Note: Using Spark with Scala.
+--------------------+--------------------+----------+
| id| family_id| child_id|
+--------------------+--------------------+----------+
|fe60c680-eb59-11e...|fe60c680-eb59-11e...| 4|
|8d9680a0-ec14-11e...|8d9680a0-ec14-11e...| 9|
|ff81457a-e9cf-11e...|ff81457a-e9cf-11e...| 5|
|4261cca0-f0e9-11e...|4261cca0-f0e9-11e...| 10|
|98c7dc00-f0e5-11e...|98c7dc00-f0e5-11e...| 8|
|dca16200-e462-11e...|dca16200-e462-11e...|8589934595|
|78be8950-ecca-11e...|ff81457a-e9cf-11e...| 1|
|4cc19690-e819-11e...|ff81457a-e9cf-11e...| 3|
|dca16200-e462-11e...|ff81457a-e9cf-11e...|8589934596|
|72dd0250-eff4-11e...|78be8950-ecca-11e...| 2|
|84ed0df0-e81a-11e...|78be8950-ecca-11e...| 6|
|78be8951-ecca-11e...|78be8950-ecca-11e...| 7|
|d1515310-e9ad-11e...|78be8951-ecca-11e...|8589934593|
|d1515310-e9ad-11e...|72dd0250-eff4-11e...|8589934594|
+--------------------+--------------------+----------+
'72dd0250-eff4-11e5-9ce9-5e5517507c66','dca16200-e462-11e5-90ec-c1cf090b354c','78be8951-ecca-11e5-a5f5-c1cf090b354c','4261cca0-f0e9-11e5-bbba-c1cf090b354c','98c7dc00-f0e5-11e5-bc76-c1cf090b354c','fe60c680-eb59-11e5-9582-c1cf090b354c','ff81457a-e9cf-11e5-9ce9-5e5517507c66','8d9680a0-ec14-11e5-a94f-c1cf090b354c','78be8950-ecca-11e5-a5f5-c1cf090b354c',
+--------------------+--------------------+-----------+
| id| family_id| child_id|
+--------------------+--------------------+-----------+
|fe60c680-eb59-11e...|fe60c680-eb59-11e...| 1|
|ff81457a-e9cf-11e...|ff81457a-e9cf-11e...| 2|
|98c7dc00-f0e5-11e...|98c7dc00-f0e5-11e...| 3|
|8d9680a0-ec14-11e...|8d9680a0-ec14-11e...| 4|
|4261cca0-f0e9-11e...|4261cca0-f0e9-11e...| 5|
|dca16200-e462-11e...|dca16200-e462-11e...| 6|
|78be8950-ecca-11e...|ff81457a-e9cf-11e...| 8589934593|
|dca16200-e462-11e...|ff81457a-e9cf-11e...| 8589934594|
|72dd0250-eff4-11e...|78be8950-ecca-11e...|17179869185|
|78be8951-ecca-11e...|78be8950-ecca-11e...|17179869186|
+--------------------+--------------------+-----------+
I know that it doesn't produce consecutive values, those values are dependents on partitions. Unexpected values means (see 2nd dataframe) those child_ids are meant to belong from the previous dataframe where family_id = id and to match multiple ids i am using IN. Unexpected values here means the child_id column have no values from the above dataframe instead it is creating new child_id column with monoliticallyIncresingIds().

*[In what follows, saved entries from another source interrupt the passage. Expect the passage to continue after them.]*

(* Built from the right: the last point is reached by a translation, and each
   new leftmost point by a bend fixing everything from the next point on. *)
Lemma shifting_interpolates (s : seq (rat * rat)) : sorted lt2 s ->
  exists rho : shifting, forall p, p \in s -> rho p.1 = p.2.
Proof.
elim: s => [|p s IH] /=.
  by move=> _; have [h _] := translation_shifting 0; exists h.
case: s IH => [|q s] IH.
  move=> _; have [h Hh] := translation_shifting (p.2 - p.1); exists h => r.
  by rewrite inE => /eqP ->; rewrite Hh addrC subrK.
move=> /andP[/andP[lt_pq1 lt_pq2] sorted_qs].
have [rho Hrho] := IH sorted_qs.
have q2_min r : r \in q :: s -> q.2 <= r.2.
  rewrite inE => /orP[/eqP -> // | rs].
  have /allP/(_ r rs)/andP[_ /ltW //] := order_path_min lt2_trans sorted_qs.
have rho_p1 : rho p.1 < q.2 by rewrite -(Hrho q) ?mem_head // shf_incr.
have [h [h_id h_p]] := bend_shifting rho_p1 lt_pq2.
have [f Hf] := comp_shifting h rho.
exists f => r; rewrite inE => /orP[/eqP -> | rs]; first by rewrite Hf h_p.
by rewrite Hf Hrho // h_id // q2_min.
Qed.

Lemma sorted_lt2_pairs (f g : rat -> rat) s :
  {homo f : x y / x < y} -> {homo g : x y / x < y} ->
  sorted <%R s -> sorted lt2 (map (fun q => (f q, g q)) s).
Proof.
move=> f_incr g_incr ss; rewrite sorted_map; apply: sub_sorted ss => x y xy.
by rewrite /lt2 /= f_incr ?g_incr.
Qed.

Lemma sorted_cat3 (T : eqType) (r : rel T) (s1 s2 s3 : seq T) : transitive r ->
  sorted r s1 -> sorted r s2 -> sorted r s3 ->
  {in s1 & s2, forall x y, r x y} -> {in s2 & s3, forall x y, r x y} ->
  {in s1 & s3, forall x y, r x y} ->
  sorted r (s1 ++ s2 ++ s3).
Proof.
move=> r_trans; rewrite !(sorted_pairwise r_trans) => p1 p2 p3 r12 r23 r13.
rewrite !pairwise_cat p1 p2 p3 (allrel_catr r) !andbT.
by apply/and3P; split => //; [apply/andP; split|]; apply/allrelP.
Qed.

Lemma stack_queue_congruence (ms ks mq : seq rat) (pi1 pi2 sig : shifting) :
  sorted <%R ms -> sorted <%R ks -> sorted <%R mq ->
  {in ms & mq, forall x y, x < y} ->
  {in ms & ks, forall x k, pi1 x < k /\ pi2 x < sig k} ->
  {in ks & mq, forall k y, k < pi1 y /\ sig k < pi2 y} ->
  exists rho : shifting,
    {in ks, rho =1 sig} /\ {in ms ++ mq, forall x, rho (pi1 x) = pi2 x}.
Proof.
move=> s_ms s_ks s_mq lt_ms_mq lt_ms_ks lt_ks_mq.
set pi12 := fun x => (pi1 x, pi2 x).
pose pts := map pi12 ms ++ map (fun k => (k, sig k)) ks ++ map pi12 mq.
have sorted_pts : sorted lt2 pts.
  apply: sorted_cat3 lt2_trans _ _ _ _ _ _;
    try (apply: sorted_lt2_pairs => //; exact: shf_incr).
  - by move=> _ _ /mapP[x xs ->] /mapP[k kk ->]; apply/andP; apply: lt_ms_ks.
  - by move=> _ _ /mapP[k kk ->] /mapP[y ys ->]; apply/andP; apply: lt_ks_mq.
  - by move=> _ _ /mapP[x xs ->] /mapP[y ys ->]; rewrite /lt2 /= !shf_incr ?lt_ms_mq.
have [rho Hrho] := shifting_interpolates sorted_pts.
exists rho; split => [k kk | x].
  by apply: (Hrho (k, sig k)); rewrite !mem_cat map_f ?orbT.
rewrite mem_cat => /orP[xs | xs]; apply: (Hrho (pi12 x));
  by rewrite !mem_cat (map_f pi12 xs) ?orbT.
Qed.

Lemma prios_gsubst s G : prios (gsubst s G) = prios G.
Proof. by rewrite /prios /gsubst -map_comp. Qed.

Lemma prios_gshift (pi : shifting) G : prios (gshift pi G) = map pi (prios G).
Proof. by rewrite /prios /gshift -!map_comp. Qed.

Lemma prios_cat F G : prios (F ++ G) = prios F ++ prios G.
Proof. by rewrite /prios map_cat. Qed.

Lemma perm_prios_pplus F G : perm_eq (prios (pplus F G)) (prios F ++ prios G).
Proof.
have -> : prios (pplus F G) = sort <=%R (prios (F ++ G)) by rewrite /prios sort_map.
by rewrite perm_sort prios_cat.
Qed.

Lemma sorted_prios (G : pgoal) : pgoal_wf G -> sorted <%R (prios G).
Proof. by rewrite /pgoal_wf /prios sorted_map. Qed.

(* Atoms carry no decidable equality, so [eq_in_map] does not apply here. *)
Lemma map_prio_eq_in (f g : rat -> rat) (G : pgoal) : {in prios G, f =1 g} ->
  map (fun p : patom => (p.1, f p.2)) G = map (fun p : patom => (p.1, g p.2)) G.
Proof.
elim: G => //= p G IH fg; rewrite (fg p.2 (mem_head _ _)) IH // => x xG.
by apply: fg; rewrite inE xG orbT.
Qed.

Lemma incr_agree_on_sorted (L1 L2 ps : seq rat) (f g : rat -> rat) :
  sorted <%R ps -> {homo f : x y / x < y} -> {homo g : x y / x < y} ->
  perm_eq L1 L2 -> perm_eq (L1 ++ map f ps) (L2 ++ map g ps) -> {in ps, f =1 g}.
Proof.
move=> s_ps f_incr g_incr perm12 perm_fg.
have : perm_eq (L1 ++ map f ps) (L1 ++ map g ps).
  by apply: perm_trans perm_fg _; rewrite perm_cat2r perm_sym.
rewrite perm_cat2l => /perm_mem same_mem.
apply/eq_in_map; apply: (irr_sorted_eq lt_trans ltxx) => //;
  by rewrite sorted_map; apply: sub_sorted s_ps.
Qed.

(* The step's shifting agrees with [gam] on the body's priorities, so it
   inherits the ordering [Msg | K | Mqg]. *)
Lemma stack_queue_interleaving (Ms Mq L K : pgoal) (Ds : step) (gam : shifting) :
  let B := Ms ++ Mq in let pi := s_shift Ds in
  let Msg := gshift gam (gsubst (s_ren Ds) Ms) in
  let Mqg := gshift gam (gsubst (s_ren Ds) Mq) in
  pgoal_wf B -> perm_eq (prios L) (prios K) ->
  s_res Ds = gsubst (s_mgu Ds) (pplus L (gshift pi (gsubst (s_ren Ds) B))) ->
  s_res Ds = gsubst (s_mgu Ds) (Msg ++ K ++ Mqg) ->
  pbar_ok Msg K -> pbar_ok K Mqg ->
  {in prios Ms & prios K, forall x k, pi x < k} /\
  {in prios K & prios Mq, forall k y, k < pi y}.
Proof.
move=> B pi Msg Mqg wf_B perm_LK res_pplus res_sq lt_Ms_K lt_K_Mq.
have pi_gam : {in prios B, pi =1 gam}.
  apply: (incr_agree_on_sorted (sorted_prios wf_B) (@shf_incr _) (@shf_incr _)
    perm_LK).
  have := perm_prios_pplus L (gshift pi (gsubst (s_ren Ds) B)).
  rewrite -(prios_gsubst (s_mgu Ds)) -res_pplus res_sq prios_gsubst.
  rewrite /B !prios_cat !prios_gshift !prios_gsubst prios_cat perm_sym.
  move=> /perm_trans; apply.
  by rewrite map_cat perm_catCA.
have mem_Msg x : x \in prios Ms -> pi x \in prios Msg.
  move=> xs; rewrite pi_gam ?prios_cat ?mem_cat ?xs //.
  by rewrite prios_gshift prios_gsubst map_f.
have mem_Mqg y : y \in prios Mq -> pi y \in prios Mqg.
  move=> ys; rewrite pi_gam ?prios_cat ?mem_cat ?ys ?orbT //.
  by rewrite prios_gshift prios_gsubst map_f.
by split=> [x k xs kK | k y kK ys]; [apply: lt_Ms_K | apply: lt_K_Mq]; auto.
Qed.

Lemma stack_queue_specialisation_independent (SQ : step -> Prop) :
  stack_queue_type SQ -> specialisation_independent SQ.
Proof.
move=> [_ SQshape] Ds1 Ds2 X SQ1 SQ2 [lam [sig [a [K low]]]].
exists lam, sig, a, K; split => //.
case: (low) => [step1 [_ [clause2 [goal1 [_ [_ [goal2 [res1 res2]]]]]]]].
have [Ms [Mq [lt_Ms_Mq [EB SQc]]]] := SQshape (s_clause Ds1).
have [gam1 /= [lt1_Ms_K [lt1_K_Mq [_ sq1]]]] := SQc Ds1 SQ1 erefl a K goal1.
have [gam2 /= [lt2_Ms_K [lt2_K_Mq [_ sq2]]]] := SQc Ds2 SQ2 clause2 _ _ goal2.
rewrite EB in res1 res2.
have wf_B : pgoal_wf (Ms ++ Mq) by rewrite -EB; apply: cbody_wf.
have [sorted_Ms sorted_Mq] : sorted <%R (prios Ms) /\ sorted <%R (prios Mq).
  by move: (sorted_prios wf_B); rewrite prios_cat => /cat_sorted2[].
have sorted_K : sorted <%R (prios K).
  by case: step1 => + _; rewrite goal1 => /sorted_prios /path_sorted.
have [int1_Ms int1_Mq] := stack_queue_interleaving wf_B (perm_refl _) res1 sq1
  lt1_Ms_K lt1_K_Mq.
set Kls := gshift sig (gsubst lam K) in res2 sq2 lt2_Ms_K lt2_K_Mq.
have perm_XK : perm_eq (prios (pplus X Kls)) (prios (pplus Kls X)).
  rewrite (permPl (perm_prios_pplus _ _)) (permPr (perm_prios_pplus _ _)).
  by rewrite perm_catC.
have [int2_Ms int2_Mq] := stack_queue_interleaving wf_B perm_XK res2 sq2
  lt2_Ms_K lt2_K_Mq.
have sig_K k : k \in prios K -> sig k \in prios (pplus Kls X).
  move=> kK; rewrite (perm_mem (perm_prios_pplus Kls X)) mem_cat.
  by rewrite /Kls prios_gshift prios_gsubst map_f.
have [rho [rho_K rho_B]] := stack_queue_congruence
  (pi1 := s_shift Ds1) (pi2 := s_shift Ds2) (sig := sig)
  sorted_Ms sorted_K sorted_Mq lt_Ms_Mq
  (fun x k xs kK => conj (int1_Ms x k xs kK) (int2_Ms x _ xs (sig_K k kK)))
  (fun k y kK ys => conj (int1_Mq k y kK ys) (int2_Mq _ y (sig_K k kK) ys)).
exists rho; split; first exact: map_prio_eq_in.
rewrite EB /gshift -map_comp; apply: (map_prio_eq_in (f := rho \o s_shift Ds1)).
by move=> x xB; apply: rho_B; rewrite -prios_cat.
Qed.

Theorem mainTheorem10 (SQ : step -> Prop) :
  stack_queue_type SQ ->
  specialisation_independent SQ /\
  (complete SQ -> spec_indep_scheduling_rule SQ).
Proof.
move=> /stack_queue_specialisation_independent SI.
by split => // complete_SQ; split.
Qed.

See the last 2 values in 2nd dataframe doesn't belong to the above dataframe. So where does it coming from. I am not applying monoliticallyIncresingIds() again on dataframe. So, why it looks like that column (child_id) having the values like monoliticallyIncresingIds() is applied again.

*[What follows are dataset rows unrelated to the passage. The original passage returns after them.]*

(* Let $N$ be a 2-step nilpotent real Lie group with a left-invariant pseudo-Riemannian metric $\langle\cdot,\cdot\rangle$ for which the center $\mathfrak z$ of its Lie algebra is nondegenerate. Then $N$ is of pseudo-$H$-type (of $H$-type when the metric is Riemannian) if and only if every nondegenerate semi-central plane has sectional curvature $K=\tfrac14$.
   Context: Put $\mathfrak v=\mathfrak z^\perp$. For $z\in\mathfrak z$ define $j(z)\in\mathrm{End}(\mathfrak v)$ by $\langle [x,y],z\rangle=\langle y,j(z)x\rangle$ for all $x,y\in\mathfrak v$. $N$ is of pseudo-$H$-type if $j(z)^2=-\langle z,z\rangle\,\mathrm{Id}_{\mathfrak v}$ for all $z\in\mathfrak z$; when the metric is Riemannian this is called $H$-type. A semi-central plane is a 2-plane spanned by a vector of $\mathfrak z$ and a vector of $\mathfrak v$; nondegenerate means the metric restricted to it is nondegenerate. Sectional curvature is that of the Levi-Civita connection. *)

(* Left-invariant pseudo-Riemannian geometry of a Lie group
   reduced to its Lie algebra n = R^n ('rV[R]_n), metric given by a symmetric
   invertible Gram matrix G, Levi-Civita connection on left-invariant fields
   given by the Koszul formula. *)
From HB Require Import structures.
From mathcomp Require Import all_boot all_order all_algebra.
From mathcomp Require Import reals.
Set Implicit Arguments. Unset Strict Implicit. Unset Printing Implicit Defensive.
Import Order.TTheory GRing.Theory Num.Theory.
Local Open Scope ring_scope.

Section Defs.
Variables (R : realType) (n : nat).
Notation V := 'rV[R]_n.

Definition form (G : 'M[R]_n) (x y : V) : R := (x *m G *m y^T) 0 0.

Definition lie_bracket (br : V -> V -> V) : Prop :=
  [/\ forall (a : R) x y w, br (a *: x + y) w = a *: br x w + br y w,
      forall x y, br x y = - br y x &
      forall x y w, br x (br y w) + br y (br w x) + br w (br x y) = 0].

Definition two_step_nilpotent (br : V -> V -> V) : Prop :=
  (forall x y w, br (br x y) w = 0) /\ (exists x y, br x y <> 0).

Definition pseudo_metric (G : 'M[R]_n) : Prop := G^T = G /\ G \in unitmx.

Definition in_center (br : V -> V -> V) (z : V) : Prop := forall x, br z x = 0.

Definition center_nondegenerate (br : V -> V -> V) (G : 'M[R]_n) : Prop :=
  forall z, in_center br z -> (forall z', in_center br z' -> form G z z' = 0) -> z = 0.

Definition in_v (br : V -> V -> V) (G : 'M[R]_n) (x : V) : Prop :=
  forall z, in_center br z -> form G x z = 0.

(* Riesz representative: the unique u with <u,w> = f w for linear f *)
Definition riesz (G : 'M[R]_n) (f : V -> R) : V :=
  (\row_i f (delta_mx (0 : 'I_1) i)) *m invmx G.

Definition jmap (br : V -> V -> V) (G : 'M[R]_n) (z x : V) : V :=
  riesz G (fun w => form G (br x w) z).

Definition pseudo_H_type (br : V -> V -> V) (G : 'M[R]_n) : Prop :=
  forall z, in_center br z -> forall x, in_v br G x ->
    jmap br G z (jmap br G z x) = - (form G z z) *: x.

However, The problem is not with spark DataFrame . When we are using monoliticallyIncresingId() with DataFrame, it will create new id for each time on DataFrame.show().
if we need to generate id once and needs to refer same id at other place in code then we may need to DataFrame.cache().
In your case, you need to cache DataFrame after Step1 so it will not create duplicate child_id every time on show().